How can I check if my files are correctly uploaded to the inbox?

It is important to check the status pf your file so you know whether your files are in the inbox, being processed, or if there is any issue with one of them. In order to check this, you should:

Look for the file locally.
Drag and drop it to the file table. Then bars will appear on the table, which means that we are processing it.
- Green: The files checksum are correct and your file will move to “ingested files”. No further actions are needed from your end..
- Red: The files checksum does not match and your file needs to be re-uploaded. Please re-upload relevant files to your inbox using the same path.

After Submission

How do I use my accession number in my publication?

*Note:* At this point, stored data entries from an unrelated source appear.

Lemma is_ulim_uniq a L L' : is_ulim a L -> is_ulim a L' -> L = L'.
Proof.
move=> h h'; apply/eqP; apply: contrapT => /negP hne.
have hp : 0 < `|L - L'| / 2 by rewrite divr_gt0 // normr_gt0 subr_eq0.
apply: (uf0 (ufS _ (ufI (h _ hp) (h' _ hp)))) => i [h1 h2].
have : `|L - L'| <= `|a i - L'| + `|a i - L|.
  have -> : L - L' = (a i - L') - (a i - L) by ring.
  exact: ler_normB.
lra.
Qed.

(* Junk value 0 when there is no ultralimit. *)
Definition ulim a : R :=
  if pselect (exists L, is_ulim a L) is left h then proj1_sig (cid h) else 0.

Lemma ulim_eq a L : is_ulim a L -> ulim a = L.
Proof.
move=> h; rewrite /ulim; case: pselect => [h'|[]]; last by exists L.
by case: cid => L' hL' /=; apply: is_ulim_uniq hL' h.
Qed.

Lemma ulim_exists a lo hi : (forall i, lo <= a i <= hi) -> exists L, is_ulim a L.
Proof.
move=> hb; pose E := fun r : R => U (fun i => r <= a i).
have bE : bound E.
  exists hi => r hr; apply/RleP; apply: contrapT => /negP; rewrite -ltNge => hr'.
  by apply: (uf0 (ufS _ hr)) => i hi'; have := hb i; lra.
have eE : exists x, E x by exists lo; apply: ufS (ufT U) => i _; case/andP: (hb i).
have [L [ub lub]] := completeness E bE eE.
exists L => e he.
have above : U (fun i => L - e < a i).
  apply: contrapT => hn.
  suff : Rle L (L - e) by rewrite RminusE => /RleP; lra.
  apply: lub => r hr; apply/RleP; apply: contrapT => /negP; rewrite -ltNge RminusE => hlt.
  by apply: hn; apply: ufS hr => i hri; lra.
have below : U (fun i => a i < L + e).
  case: (uf_or_compl U (fun i => a i < L + e)) => // hn.
  have : E (L + e) by apply: ufS hn => i /negP; rewrite -leNgt.
  by move/ub/RleP; lra.
apply: ufS (ufI above below) => i [h3 h4].
by rewrite ltr_norml; apply/andP; split; lra.
Qed.

Lemma ulim_spec a lo hi : (forall i, lo <= a i <= hi) -> is_ulim a (ulim a).
Proof. by move=> hb; have [L hL] := ulim_exists hb; rewrite (ulim_eq hL). Qed.

Lemma ulim_lb a lo hi L : (forall i, lo <= a i <= hi) ->
  (forall e, 0 < e -> U (fun i => L - e <= a i)) -> L <= ulim a.
Proof.
move=> hb h; rewrite leNgt; apply/negP => hlt.
have he : 0 < (L - ulim a) / 2 by rewrite divr_gt0 // subr_gt0.
apply: (uf0 (ufS _ (ufI (ulim_spec hb he) (h _ he)))) => i [h1 h2].
by move: h1; rewrite ltr_norml => /andP[h3 h4]; lra.
Qed.

Lemma ulim_bounds a lo hi : (forall i, lo <= a i <= hi) -> lo <= ulim a <= hi.
Proof.
move=> hb; apply/andP; split.
  by apply: (ulim_lb hb) => e he; apply: ufS (ufT U) => i _; have := hb i; lra.
rewrite leNgt; apply/negP => hlt.
have he : 0 < ulim a - hi by lra.
apply: (uf0 (ufS _ (ulim_spec hb he))) => i; rewrite ltr_norml => /andP[h1 h2].
by have := hb i; lra.
Qed.

Lemma ulimD a b la ha lb hb : (forall i, la <= a i <= ha) -> (forall i, lb <= b i <= hb) ->
  ulim (fun i => a i + b i) = ulim a + ulim b.
Proof.
move=> ba bb; apply: ulim_eq => e he.
have he2 : 0 < e / 2 by apply: divr_gt0.
apply: ufS (ufI (ulim_spec ba he2) (ulim_spec bb he2)) => i [h1 h2].
have : `|a i + b i - (ulim a + ulim b)| <= `|a i - ulim a| + `|b i - ulim b|.
  have -> : a i + b i - (ulim a + ulim b) = (a i - ulim a) + (b i - ulim b) by ring.
  exact: ler_normD.
lra.
Qed.

Lemma ulim_congr a b lo hi : (forall i, lo <= a i <= hi) ->
  U (fun i => a i = b i) -> ulim a = ulim b.
Proof.
move=> ba hU; apply/esym/ulim_eq => e he.
by apply: ufS (ufI (ulim_spec ba he) hU) => i [h1 <-].
Qed.
End UltraLimit.

Definition invariant_mean (Q : Defs.group) (m : (Q -> Prop) -> R) : Prop :=
  [/\ forall A, (0 <= m A)%R, m (fun _ => True) = 1%R,
      forall A B : Q -> Prop, (forall x, A x -> B x -> False) ->
        m (fun x => A x \/ B x) = (m A + m B)%R
    & forall g A, m (fun x => A (g⁻¹ ⋅ x)) = m A].

Lemma amenableP (Q : Defs.group) :
  amenable Q <-> exists m : (Q -> Prop) -> R, invariant_mean m.
Proof.
split=> [[m [m0 [m1 [madd minv]]]]|[m [m0 m1 madd minv]]]; exists m.
  by split=> // A; apply/RleP.
by split=> // A; apply/RleP.
Qed.

Lemma fun_ext_iff (T : Type) (A B : T -> Prop) : (forall x, A x <-> B x) -> A = B.
Proof. by move=> h; apply: functional_extensionality => x; apply: propositional_extensionality. Qed.

Section Integral.
Local Open Scope ring_scope.
Variables (Q : Defs.group) (m : (Q -> Prop) -> R).
Hypothesis hm : invariant_mean m.
Implicit Types (f g : Q -> R) (lo hi : R).

Lemma mean_ge0 A : 0 <= m A. Proof. by case: hm. Qed.
Lemma meanT : m (fun _ => True) = 1. Proof. by case: hm. Qed.
Lemma meanU A B : (forall x, A x -> B x -> False) -> m (fun x => A x \/ B x) = m A + m B.
Proof. by case: hm => _ _ madd _; apply: madd. Qed.

Lemma mean0 A : (forall x, ~ A x) -> m A = 0.
Proof.
move=> hA; have := @meanU A A (fun x _ => @hA x).
by rewrite (@fun_ext_iff _ (fun x => A x \/ A x) A) => [|x]; [lra|tauto].
Qed.

Section FiniteCells.
Variables (Y : finType) (cell : Q -> Y).

Lemma mean_cells_seq (s : seq Y) : uniq s ->
  m (fun q => cell q \in s) = \sum_(y <- s) m (fun q => cell q = y).
Proof.
elim: s => [_|y s IH /andP[ys us]]; first by rewrite big_nil mean0.
rewrite big_cons -IH // -meanU => [|x /= ->]; last by rewrite (negbTE ys).
congr m; apply: fun_ext_iff => x; rewrite in_cons.
by split=> [/orP[/eqP|]|[->|->]]; rewrite ?eqxx ?orbT; auto.
Qed.

Lemma mean_cells (P : pred Y) :
  m (fun q => P (cell q)) = \sum_(y | P y) m (fun q => cell q = y).
Proof.
rewrite -big_filter -mean_cells_seq ?filter_uniq ?index_enum_uniq //.
by congr m; apply: fun_ext_iff => x; rewrite mem_filter mem_index_enum andbT.
Qed.

Lemma sum_mean_cells : \sum_(y : Y) m (fun q => cell q = y) = 1.
Proof. by rewrite -meanT -(mean_cells predT); congr m; apply: fun_ext_iff. Qed.

Lemma sum_mean_cells_bounds (c : Y -> R) lo hi : (forall q, lo <= c (cell q) <= hi) ->
  lo <= \sum_(y : Y) c y * m (fun q => cell q = y) <= hi.
Proof.
move=> hc.
have cell_bound y : lo * m (fun q => cell q = y) <= c y * m (fun q => cell q = y) <=
                    hi * m (fun q => cell q = y).
  have [[q <-]|empty] := pselect (exists q, cell q = y).
    by have /andP[lo_c c_hi] := hc q; rewrite !ler_wpM2r ?mean_ge0.
  by rewrite mean0 ?mulr0 ?lexx // => q hq; apply: empty; exists q.
rewrite -[lo]mulr1 -[hi]mulr1 -sum_mean_cells !mulr_sumr.
by apply/andP; split; apply: ler_sum => y _; case/andP: (cell_bound y).
Qed.

Lemma sum_mean_cells_coarsen (Y' : finType) (rho : Y -> Y') (c : Y' -> R) :
  \sum_(y' : Y') c y' * m (fun q => rho (cell q) = y') =
  \sum_(y : Y) c (rho y) * m (fun q => cell q = y).
Proof.
have e y' : m (fun q => rho (cell q) = y') = \sum_(y | rho y == y') m (fun q => cell q = y).
  by rewrite -(mean_cells (fun y => rho y == y')); congr m; apply: fun_ext_iff => x; split=> /eqP.
under eq_bigr => y' _ do rewrite e mulr_sumr.
rewrite (exchange_big_dep xpredT) //=; apply: eq_bigr => y _.
by rewrite (big_pred1 (rho y)) // => y'; rewrite eq_sym.
Qed.
End FiniteCells.

Definition level (n : nat) (t : R) : 'I_n.+1 := inord (Num.truncn (n%:R * t)).
Arguments level n t%_ring_scope.

Lemma levelP n t : (0 < n)%N -> 0 <= t <= 1 ->
  (level n t)%:R <= n%:R * t < (level n t).+1%:R.
Proof.
move=> n0 /andP[t0 t1].
have nt0 : 0 <= n%:R * t by apply: mulr_ge0.
have trunc_le : (Num.truncn (n%:R * t) <= n)%N.
  have trunc_le_nt : (Num.truncn (n%:R * t))%:R <= n%:R * t :> R by rewrite truncn_le.
  rewrite -(ler_nat R); apply: le_trans trunc_le_nt _.
  by rewrite -[leRHS]mulr1 ler_wpM2l.
by rewrite /level inordK ?ltnS //; apply: truncn_itv.
Qed.

Lemma levelD n (a b : R) : (0 < n)%N -> 0 <= a -> 0 <= b -> a + b <= 1 ->
  level n (a + b) = (level n a + level n b)%N :> nat \/
  level n (a + b) = (level n a + level n b).+1%N :> nat.
Proof.
move=> n0 a0 b0 ab1.
have /andP[a1 a2] : (level n a)%:R <= n%:R * a < (level n a).+1%:R.
  by apply: levelP => //; apply/andP; split; lra.
have /andP[b1 b2] : (level n b)%:R <= n%:R * b < (level n b).+1%:R.
  by apply: levelP => //; apply/andP; split; lra.
have /andP[s1 s2] : (level n (a + b))%:R <= n%:R * (a + b) < (level n (a + b)).+1%:R.
  by apply: levelP => //; apply/andP; split; lra.
rewrite mulrDr -!natr1 in s1 s2 a2 b2.
have lo : (level n a + level n b < (level n (a + b)).+1)%N.
  by rewrite -(ltr_nat R) -natr1 !natrD; lra.
have hi : (level n (a + b) < level n a + level n b + 2)%N.
  by rewrite -(ltr_nat R) !natrD; lra.
lia.
Qed.

Definition riemann_sum (n : nat) (f : Q -> R) : R :=
  \sum_(y : 'I_n.+1) (y%:R / n%:R) * m (fun q => level n (f q) = y).

Lemma riemann_sum_bounds n f lo hi : (0 < n)%N -> (forall q, 0 <= f q <= 1) ->
  (forall q, lo <= f q <= hi) -> lo - n%:R^-1 <= riemann_sum n f <= hi.
Proof.
move=> n0 f01 fb; apply: sum_mean_cells_bounds => q.
have n0' : (0 : R) < n%:R by rewrite ltr0n.
have /andP[l1 l2] := levelP n0 (f01 q); have /andP[lo_f f_hi] := fb q.
have above : (level n (f q))%:R / n%:R <= f q by rewrite ler_pdivrMr // mulrC.
have below : f q - n%:R^-1 <= (level n (f q))%:R / n%:R.
  rewrite ler_pdivlMr // mulrBl mulVf ?gt_eqF // mulrC.
  by rewrite -natr1 in l2; lra.
by apply/andP; split; lra.
Qed.

Lemma riemann_sum_range n f : (forall q, 0 <= f q <= 1) -> -1 <= riemann_sum n.+1 f <= 1.
Proof.
move=> f01; have /andP[h1 h2] := riemann_sum_bounds (ltn0Sn n) f01 f01.
have : n.+1%:R^-1 <= 1 :> R by rewrite invf_le1 ?ler1n ?ltr0n.
by move: h1; set x := _^-1 => h1 hx; apply/andP; split; lra.
Qed.

Lemma riemann_sum_transl n f (t : Q) : riemann_sum n (fun q => f (t⁻¹ ⋅ q)) = riemann_sum n f.
Proof.
apply: eq_bigr => y _; congr (_ * _).
by case: hm => _ _ _ minv; exact: (minv t (fun q => level n (f q) = y)).
Qed.

Lemma riemann_sumD n f g : (0 < n)%N -> (forall q, 0 <= f q) -> (forall q, 0 <= g q) ->
  (forall q, f q + g q <= 1) ->
  0 <= riemann_sum n (fun q => f q + g q) - riemann_sum n f - riemann_sum n g <= n%:R^-1.
Proof.
move=> n0 f0 g0 fg1.
pose cell q := (level n (f q), level n (g q), level n (f q + g q)).
have coarsen (rho : 'I_n.+1 * 'I_n.+1 * 'I_n.+1 -> 'I_n.+1) h :
    (forall q, rho (cell q) = level n (h q)) -> riemann_sum n h =
    \sum_y ((rho y)%:R / n%:R) * m (fun q => cell q = y).
  move=> hrho; rewrite -(sum_mean_cells_coarsen cell rho (fun y => y%:R / n%:R)).
  by apply: eq_bigr => y _; congr (_ * m _); apply: functional_extensionality => q; rewrite hrho.
rewrite (coarsen (fun y => y.2) _ (fun q => erefl)) (coarsen (fun y => y.1.1) f (fun q => erefl)).
rewrite (coarsen (fun y => y.1.2) g (fun q => erefl)) -!sumrB.
under eq_bigr => y _ do rewrite -!mulrBl.
apply: sum_mean_cells_bounds => q /=.
have n0' : (0 : R) < n%:R by rewrite ltr0n.
set x := (level n (f q))%:R; set y := (level n (g q))%:R.
have [e|e] := levelD n0 (f0 q) (g0 q) (fg1 q); rewrite e.
- rewrite natrD -/x -/y (_ : x + y - x - y = 0); last by ring.
  by rewrite mul0r lexx invr_ge0 ltW.
- rewrite -natr1 natrD -/x -/y (_ : x + y + 1 - x - y = 1); last by ring.
  by rewrite mul1r lexx invr_ge0 ltW.
Qed.

Variable V : ultrafilter nat.
Hypothesis V_cofinite : forall n0, V (fun n => (n0 <= n)%N).

Definition integral (f : Q -> R) : R := ulim V (fun n => riemann_sum n.+1 f).

Lemma V_inv_small (e : R) : 0 < e -> V (fun n => n.+1%:R^-1 < e).
Proof.
move=> e0; apply: ufS (V_cofinite (Num.truncn e^-1)) => n hn.
rewrite invf_plt ?posrE ?ltr0n //.
have e_inv0 : 0 <= e^-1 by rewrite invr_ge0 ltW.
have /andP[_ h] := truncn_itv e_inv0.
by apply: lt_le_trans h _; rewrite ler_nat.
Qed.

Lemma integral_bounds f lo hi : (forall q, 0 <= f q <= 1) -> (forall q, lo <= f q <= hi) ->
  lo <= integral f <= hi.
Proof.
move=> f01 fb; apply/andP; split.
  apply: (ulim_lb (fun n => riemann_sum_range n f01)) => e e0.
  apply: ufS (V_inv_small e0) => n hn.
  have /andP[h _] := riemann_sum_bounds (ltn0Sn n) f01 fb.
  by move: hn h; set x := _^-1; lra.
have hb n : -1 <= riemann_sum n.+1 f <= hi.
  have /andP[_ h1] := riemann_sum_bounds (ltn0Sn n) f01 fb.
  by have /andP[h2 _] := riemann_sum_range n f01; apply/andP.
by case/andP: (ulim_bounds V hb).
Qed.

Lemma integral_transl f (t : Q) : integral (fun q => f (t⁻¹ ⋅ q)) = integral f.
Proof.
by rewrite /integral; congr ulim; apply: functional_extensionality => n; rewrite riemann_sum_transl.
Qed.

Lemma integralD f g : (forall q, 0 <= f q) -> (forall q, 0 <= g q) ->
  (forall q, f q + g q <= 1) -> integral (fun q => f q + g q) = integral f + integral g.
Proof.
move=> f0 g0 fg1.
have f01 q : 0 <= f q <= 1 by have := g0 q; have := fg1 q; have := f0 q; move=> *; apply/andP; lra.
have g01 q : 0 <= g q <= 1 by have := g0 q; have := fg1 q; have := f0 q; move=> *; apply/andP; lra.
rewrite /integral -(ulimD V (fun n => riemann_sum_range n f01) (fun n => riemann_sum_range n g01)).
apply: ulim_eq => e e0.
have e20 : 0 < e / 2 by apply: divr_gt0.
have sum_range n : -2 <= riemann_sum n.+1 f + riemann_sum n.+1 g <= 2.
  have /andP[? ?] := riemann_sum_range n f01; have /andP[? ?] := riemann_sum_range n g01.
  by apply/andP; lra.
apply: ufS (ufI (ulim_spec V sum_range e20) (V_inv_small e20)) => n [near small].
have /andP[h3 h4] := riemann_sumD (ltn0Sn n) f0 g0 fg1.
move: near; rewrite ltr_norml => /andP[h5 h6].
move: small h3 h4 h5 h6; set x := _^-1; set L := ulim V _.
set a := riemann_sum _ (fun q => _); set b := riemann_sum _ f; set c := riemann_sum _ g.
by move=> *; rewrite ltr_norml; apply/andP; lra.
Qed.
End Integral.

We suggest the use of the below template, using your study accession ID (EGAS…) :

Data has been deposited at the European Genome-phenome Archive (EGA), which is hosted by the EBI and the CRG, under accession number EGASXXXXXXXXXXX. Further information about EGA can be found at https://ega-archive.org and "The European Genome-phenome Archive of human data consented for biomedical research"

Your study ID will be the one that groups your whole submission, and thus its usage is recommended as such. Nevertheless, all metadata submitted to EGA hold a unique and persistent identifier (starting with EGA…) that can be used to identify specific records. For example, you could reference a specific dataset (EGAD…) or sample (EGAN…) in your publications (see full list of identifiers).

How do I make my data searchable?

Once you have finalized your submission, you can schedule the data release. Please take into account that the release process needs time for the files to be archived in our system, and for the Helpdesk team to validate your submission.

Can I withdraw (meta)data from the EGA?

We have methods in place for the secure removal of deposited (meta)data. Contact EGA-helpdesk for further details.

EGA complies with FAIRness of (meta)data, and thus, even when the data is removed we keep an entry for their identifiers in our system. In other words, we execute a soft delete on canceled objects (e.g. a study): metadata is still stored in our systems, but it loses all links, cannot be queried and data files cannot be retrieved anymore. The reason behind this behaviour is so that queries using withdrawn data properly respond back (see example of a canceled study).

What happens to the data once it has been submitted to the EGA?

When the data is submitted, the submitter can choose either keep their data private or schedule the release of their data.